▶ **Extracted information**
+ + + +

Variable L : pt -> pt.
Hypothesis L_add : forall y z, L (vadd y z) = vadd (L y) (L z).

Lemma additive0 : L (0, 0) = (0, 0).
Proof.
  pose proof (L_add (0, 0) (0, 0)) as E.
  replace (vadd (0, 0) (0, 0)) with ((0, 0) : pt) in E by vec_ring. vec_lra.
Qed.

Lemma additive_nat_scale n z : L (vscale (INR n) z) = vscale (INR n) (L z).
Proof.
  induction n as [| n IH].
  - simpl. replace (vscale 0 z) with ((0, 0) : pt) by vec_ring. rewrite additive0. vec_ring.
  - rewrite S_INR. replace (vscale (INR n + 1) z) with (vadd (vscale (INR n) z) z) by vec_ring.
    rewrite L_add, IH. vec_ring.
Qed.

Lemma additive_int_scale m z : L (vscale (IZR m) z) = vscale (IZR m) (L z).
Proof.
  destruct (IZR_nat_cases m) as [n [-> | ->]]; [apply additive_nat_scale |].
  pose proof (L_add (vscale (INR n) z) (vscale (- INR n) z)) as E.
  replace (vadd (vscale (INR n) z) (vscale (- INR n) z)) with ((0, 0) : pt) in E by vec_ring.
  rewrite additive0, additive_nat_scale in E. vec_lra.
Qed.

Lemma additive_homogeneous_lin_app :
  (forall t z, L (vscale t z) = vscale t (L z)) ->
  forall x, L x = lin_app (fst (L (1, 0))) (fst (L (0, 1))) (snd (L (1, 0))) (snd (L (0, 1))) x.
Proof.
  intros L_scale x.
  replace x with (vadd (vscale (fst x) (1, 0)) (vscale (snd x) (0, 1))) at 1 by vec_ring.
  rewrite L_add, !L_scale. vec_ring.
Qed.

End AdditiveMaps.

Section NormedPlane.

Variable N : pt -> R.
Hypothesis HN : is_norm N.

Lemma norm_ge0 v : 0 <= N v.
Proof. exact (proj1 HN v). Qed.

Lemma norm_eq0 v : N v = 0 -> v = (0, 0).
Proof. exact (proj1 (proj2 HN) v). Qed.

Lemma normZ c v : N (vscale c v) = Rabs c * N v.
Proof. exact (proj1 (proj2 (proj2 HN)) c v). Qed.

Lemma normD_le u v : N (vadd u v) <= N u + N v.
Proof. exact (proj2 (proj2 (proj2 HN)) u v). Qed.

Lemma normZ_nonneg c v : 0 <= c -> N (vscale c v) = c * N v.
Proof. intros Hc. rewrite normZ, Rabs_pos_eq by exact Hc. reflexivity. Qed.

Lemma norm0 : N (0, 0) = 0.
Proof. norm_as N (vscale 0 (0, 0)). rewrite normZ_nonneg by lra. ring. Qed.

Lemma normN v : N (vscale (-1) v) = N v.
Proof. rewrite normZ, Rabs_left by lra. ring. Qed.

Lemma dist_self a : N (vsub a a) = 0.
Proof. norm_as N (0, 0). exact norm0. Qed.

Lemma dist_sym a b : N (vsub a b) = N (vsub b a).
Proof. rewrite <- (normN (vsub b a)). f_equal. vec_ring. Qed.

Lemma dist_triangle a b c : N (vsub a c) <= N (vsub a b) + N (vsub b c).
Proof. norm_as N (vadd (vsub a b) (vsub b c)). apply normD_le. Qed.

Lemma dist_eq0 a b : N (vsub a b) = 0 -> a = b.
Proof.
  intros E. apply norm_eq0, pair_equal_spec in E as [E1 E2].
  destruct a, b; simpl in *. f_equal; lra.
Qed.

Lemma norm_sub_ge a b : N a - N b <= N (vsub a b).
Proof. pose proof (normD_le (vsub a b) b). norm_as N (vadd (vsub a b) b). lra. Qed.

Lemma unit_neq0 u : N u = 1 -> u <> (0, 0).
Proof. intros Hu ->. rewrite norm0 in Hu. lra. Qed.

Lemma norm_le_coords a : N a <= Rabs (fst a) * N (1, 0) + Rabs (snd a) * N (0, 1).
Proof.
  rewrite <- !normZ. norm_as N (vadd (vscale (fst a) (1, 0)) (vscale (snd a) (0, 1))).
  apply normD_le.
Qed.

Lemma norm_eq0_of_bounded_multiples v B : (forall n : nat, INR n * N v <= B) -> v = (0, 0).
Proof.
  intros Hbd. apply norm_eq0, Rle_antisym; [| apply norm_ge0].
  exact (nonpos_of_bounded_multiples _ _ Hbd).
Qed.

Lemma norm_le_split z k : N z <= 2 * INR (S k) ->
  exists d, N d <= 2 /\ N (vsub z d) <= 2 * INR k.
Proof.
  rewrite S_INR. intros Hz. pose proof (pos_INR k) as Hk.
  assert (Hinv : 0 < / (INR k + 1)) by (apply Rinv_0_lt_compat; lra).
  exists (vscale (/ (INR k + 1)) z). split.
  - rewrite normZ_nonneg by lra.
    apply (Rmult_le_reg_l (INR k + 1)); [lra |].
    rewrite <- Rmult_assoc, Rinv_r by lra. lra.
  - replace (vsub z _) with (vscale (INR k / (INR k + 1)) z) by (vec_field; lra).
    rewrite normZ_nonneg by (apply Rmult_le_pos; lra).
    apply (Rmult_le_reg_l (INR k + 1)); [lra |].
    replace ((INR k + 1) * (INR k / (INR k + 1) * N z)) with (INR k * N z) by (field; lra).
    nra.
Qed.

Lemma continuity_norm_curve F : curve_continuous F -> continuity (fun s => N (F s)).
Proof.
  intros CF t. destruct (CF t) as [C1 C2]. rewrite continuity_pt_eps in *.
  intros eps Heps.
  pose proof (norm_ge0 (1, 0)). pose proof (norm_ge0 (0, 1)).
  set (K := N (1, 0) + N (0, 1) + 1).
  assert (Heps' : eps / K > 0) by (apply Rdiv_lt_0_compat; unfold K; lra).
  destruct (C1 _ Heps') as [d1 [Hd1 H1]]. destruct (C2 _ Heps') as [d2 [Hd2 H2]].
  exists (Rmin d1 d2). split; [now apply Rmin_pos |].
  intros s Hs. pose proof (Rmin_l d1 d2). pose proof (Rmin_r d1 d2).
  specialize (H1 s ltac:(lra)). specialize (H2 s ltac:(lra)).
  pose proof (norm_le_coords (vsub (F s) (F t))) as Hco. simpl in Hco.
  pose proof (norm_sub_ge (F s) (F t)) as Hge. pose proof (norm_sub_ge (F t) (F s)) as Hle.
  rewrite dist_sym in Hle.
  assert (eps / K * N (1, 0) + eps / K * N (0, 1) + eps / K = eps) by (unfold K; field; lra).
  apply Rabs_def1; nra.
Qed.

Lemma curve_hits_unit_norm F a b : curve_continuous F ->
  (N (F a) - 1) * (N (F b) - 1) <= 0 -> a <= b -> {t | a <= t <= b /\ N (F t) = 1}.
Proof.
  intros CF Hsign Hab.
  destruct (IVT_cor (fun s => N (F s) - 1) a b) as [t [Ht Et]]; auto.
  - intros s. apply continuity_pt_minus; [now apply continuity_norm_curve |].
    apply continuity_pt_const. intros ? ?; reflexivity.
  - exists t. split; [exact Ht | lra].
Qed.

(* [s |-> L (s z) - s L z] is additive, vanishes on integers and is bounded on [0, 1). *)
Lemma additive_bounded_homogeneous (L : pt -> pt) t z :
  (forall y z, L (vadd y z) = vadd (L y) (L z)) ->
  (exists B, forall s, 0 <= s < 1 -> N (L (vscale s z)) <= B) ->
  L (vscale t z) = vscale t (L z).
Proof.
  intros L_add [B HB].
  set (D := fun s => vsub (L (vscale s z)) (vscale s (L z))).
  assert (D_add : forall a b, D (a + b) = vadd (D a) (D b)).
  { intros a b. unfold D. replace (vscale (a + b) z) with (vadd (vscale a z) (vscale b z))
      by vec_ring. rewrite L_add. vec_ring. }
  assert (D_nat : forall n : nat, D (INR n * t) = vscale (INR n) (D t)).
  { intros n. unfold D. replace (vscale (INR n * t) z) with (vscale (INR n) (vscale t z))
      by vec_ring. rewrite (additive_nat_scale L L_add). vec_ring. }
  assert (D_bd : forall s, 0 <= s < 1 -> N (D s) <= B + N (L z)).
  { intros s Hs. unfold D. pose proof (normD_le (L (vscale s z)) (vscale (- s) (L z))) as Htri.
    rewrite normZ, Rabs_left1 in Htri by lra. pose proof (norm_ge0 (L z)).
    replace (vadd _ _) with (vsub (L (vscale s z)) (vscale s (L z))) in Htri by vec_ring.
    specialize (HB s Hs). nra. }
  enough (D t = (0, 0)) as E by (unfold D in E; vec_lra).
  apply (norm_eq0_of_bounded_multiples _ (B + N (L z))). intros n.
  rewrite <- normZ_nonneg, <- D_nat by apply pos_INR.
  pose proof (base_Int_part (INR n * t)) as [Hlo Hhi].
  set (m := Int_part (INR n * t)) in Hlo, Hhi.
  replace (INR n * t) with (IZR m + (INR n * t - IZR m)) by ring.
  rewrite D_add. unfold D at 1. rewrite (additive_int_scale L L_add).
  replace (vadd _ _) with (D (INR n * t - IZR m)) by (unfold D; vec_ring).
  apply D_bd. lra.
Qed.

Definition unit_path (u : pt) (t : R) : pt := vscale (/ N (rot u t)) (rot u t).

Section UnitPath.

Variable u : pt.
Hypothesis Hu : u <> (0, 0).

Lemma norm_rot_pos t : 0 < N (rot u t).
Proof.
  destruct (Rle_lt_or_eq_dec _ _ (norm_ge0 (rot u t))) as [Hlt | Heq]; [exact Hlt |].
  exfalso. exact (rot_neq0 u t Hu (norm_eq0 _ (eq_sym Heq))).
Qed.

Lemma norm_unit_path t : N (unit_path u t) = 1.
Proof.
  pose proof (norm_rot_pos t). unfold unit_path.
  rewrite normZ_nonneg by (left; apply Rinv_0_lt_compat; lra). field. lra.
Qed.

Lemma unit_path0 : N u = 1 -> unit_path u 0 = u.
Proof. intros Hn. unfold unit_path. rewrite rot0, Hn. vec_field. Qed.

Lemma unit_path_addPI t : unit_path u (t + PI) = vscale (-1) (unit_path u t).
Proof.
  pose proof (norm_rot_pos t). unfold unit_path. rewrite rot_addPI, normN.
  vec_field; lra.
Qed.

Lemma unit_path_add2PI t : unit_path u (t + 2 * PI) = unit_path u t.
Proof.
  replace (t + 2 * PI) with (t + PI + PI) by ring. rewrite !unit_path_addPI. vec_ring.
Qed.

Lemma unit_path_inj t1 t2 : 0 < t2 - t1 < 2 * PI -> unit_path u t1 <> unit_path u t2.
Proof.
  intros Ht E. set (w := rot u t1). set (d := t2 - t1).
  assert (Hrot : rot u t2 = rot w d) by (unfold w, d; rewrite <- rot_add; f_equal; ring).
  pose proof (norm_rot_pos t1) as P1. pose proof (norm_rot_pos t2) as P2.
  unfold unit_path in E. fold w in E, P1. rewrite Hrot in E, P2.
  assert (Hmul : rot w d = vscale (N (rot w d) / N w) w).
  { transitivity (vscale (N (rot w d)) (vscale (/ N (rot w d)) (rot w d))); [vec_field; lra |].
    rewrite <- E. vec_field; lra. }
  assert (Hk : 0 < N (rot w d) / N w) by (apply Rdiv_lt_0_compat; lra).
  destruct (rot_pos_multiple w d _ (rot_neq0 u t1 Hu) Hk Hmul) as [Hs Hc].
  pose proof (cos_le0_of_sin_eq0 d Ht Hs). lra.
Qed.

Lemma curve_continuous_unit_path : curve_continuous (unit_path u).
Proof.
  intros t. pose proof (continuity_norm_curve _ (curve_continuous_rot u) t) as CN.
  destruct (curve_continuous_rot u t) as [C1 C2]. pose proof (norm_rot_pos t).
  unfold unit_path, vscale; simpl; split; apply continuity_pt_mult; auto;
  apply (continuity_pt_inv (fun s => N (rot u s))); auto; lra.
Qed.

End UnitPath.

Lemma norm_le2_sum_units z : N z <= 2 -> exists e, N e = 1 /\ N (vsub z e) = 1.
Proof.
  intros Hz. pose proof PI_RGT_0.
  destruct (Rle_lt_or_eq_dec _ _ (norm_ge0 z)) as [Hpos | Hzero].
  - assert (Hz0 : z <> (0, 0)) by (intros ->; rewrite norm0 in Hpos; lra).
    set (F := fun t => vsub z (unit_path z t)).
    assert (CF : curve_continuous F).
    { apply curve_continuous_sub; [apply curve_continuous_const |].
      exact (curve_continuous_unit_path z Hz0). }
    assert (F0 : N (F 0) = Rabs (N z - 1)).
    { unfold F, unit_path. rewrite rot0.
      replace (vsub z _) with (vscale (1 - / N z) z) by vec_ring.
      replace (N z - 1) with ((1 - / N z) * N z) by (field; lra).
      rewrite normZ, Rabs_mult, (Rabs_pos_eq (N z)) by lra. reflexivity. }
    assert (FPI : N (F PI) = N z + 1).
    { unfold F. rewrite <- (Rplus_0_l PI), unit_path_addPI by exact Hz0. unfold unit_path.
      rewrite rot0. replace (vsub z _) with (vscale (1 + / N z) z) by vec_ring.
      rewrite normZ_nonneg by (pose proof (Rinv_0_lt_compat _ Hpos); lra). field. lra. }
    assert (Hsign : (N (F 0) - 1) * (N (F PI) - 1) <= 0).
    { rewrite F0, FPI. assert (Rabs (N z - 1) <= 1) by (apply Rabs_le; lra). nra. }
    destruct (curve_hits_unit_norm F 0 PI CF Hsign ltac:(lra)) as [t [_ Ht]].
    exists (unit_path z t). split; [apply norm_unit_path, Hz0 | exact Ht].
  - assert (He : (1, 0) <> (0, 0) :> pt) by (intro E; injection E; lra).
    rewrite (norm_eq0 z (eq_sym Hzero)). exists (unit_path (1, 0) 0).
    split; [| rewrite dist_sym; norm_as N (unit_path (1, 0) 0)]; apply norm_unit_path, He.
Qed.

Hypothesis HU : URTC N.

Definition apex a b x := N (vsub a x) = 1 /\ N (vsub b x) = 1.

Lemma apex_reflect a b x : apex a b x -> apex a b (vsub (vadd a b) x).
Proof.
  intros [Ha Hb]. split.
  - rewrite <- Hb, dist_sym. f_equal. vec_ring.
  - rewrite <- Ha, dist_sym. f_equal. vec_ring.
Qed.

Lemma apex_cases a b x z : N (vsub a b) = 1 -> apex a b x -> apex a b z ->
  z = x \/ z = vsub (vadd a b) x.
Proof.
  intros Hab Hx Hz.
  assert (Hne : x <> vsub (vadd a b) x).
  { intros E. destruct Hx as [Hax _].
    assert (vsub a b = vscale 2 (vsub a x)) as Hdouble by vec_lra.
    rewrite Hdouble, normZ_nonneg, Hax in Hab by lra. lra. }
  destruct (HU a b Hab) as [x1 [x2 [_ Hs]]].
  pose proof (proj1 (Hs _) (apex_reflect _ _ _ Hx)) as Hr.
  apply Hs in Hx, Hz.
  destruct Hx as [-> | ->], Hz as [-> | ->], Hr as [Hr | Hr];
    first [now left | right; congruence | exfalso; congruence].
Qed.

Lemma dist0l u : N (vsub (0, 0) u) = N u.
Proof. rewrite dist_sym. f_equal. vec_ring. Qed.

Lemma apex_origin u v : N v = 1 -> N (vsub u v) = 1 -> apex (0, 0) u v.
Proof. intros Hv Huv. split; [rewrite dist0l |]; assumption. Qed.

+ + + +

Transcribe the line that contains "- assert (He" exactly, then each line after it through the end of the material. Nothing else belongs in the output.

  - assert (He : (1, 0) <> (0, 0) :> pt) by (intro E; injection E; lra).
    rewrite (norm_eq0 z (eq_sym Hzero)). exists (unit_path (1, 0) 0).
    split; [| rewrite dist_sym; norm_as N (unit_path (1, 0) 0)]; apply norm_unit_path, He.
Qed.

Hypothesis HU : URTC N.

Definition apex a b x := N (vsub a x) = 1 /\ N (vsub b x) = 1.

Lemma apex_reflect a b x : apex a b x -> apex a b (vsub (vadd a b) x).
Proof.
  intros [Ha Hb]. split.
  - rewrite <- Hb, dist_sym. f_equal. vec_ring.
  - rewrite <- Ha, dist_sym. f_equal. vec_ring.
Qed.

Lemma apex_cases a b x z : N (vsub a b) = 1 -> apex a b x -> apex a b z ->
  z = x \/ z = vsub (vadd a b) x.
Proof.
  intros Hab Hx Hz.
  assert (Hne : x <> vsub (vadd a b) x).
  { intros E. destruct Hx as [Hax _].
    assert (vsub a b = vscale 2 (vsub a x)) as Hdouble by vec_lra.
    rewrite Hdouble, normZ_nonneg, Hax in Hab by lra. lra. }
  destruct (HU a b Hab) as [x1 [x2 [_ Hs]]].
  pose proof (proj1 (Hs _) (apex_reflect _ _ _ Hx)) as Hr.
  apply Hs in Hx, Hz.
  destruct Hx as [-> | ->], Hz as [-> | ->], Hr as [Hr | Hr];
    first [now left | right; congruence | exfalso; congruence].
Qed.

Lemma dist0l u : N (vsub (0, 0) u) = N u.
Proof. rewrite dist_sym. f_equal. vec_ring. Qed.

Lemma apex_origin u v : N v = 1 -> N (vsub u v) = 1 -> apex (0, 0) u v.
Proof. intros Hv Huv. split; [rewrite dist0l |]; assumption. Qed.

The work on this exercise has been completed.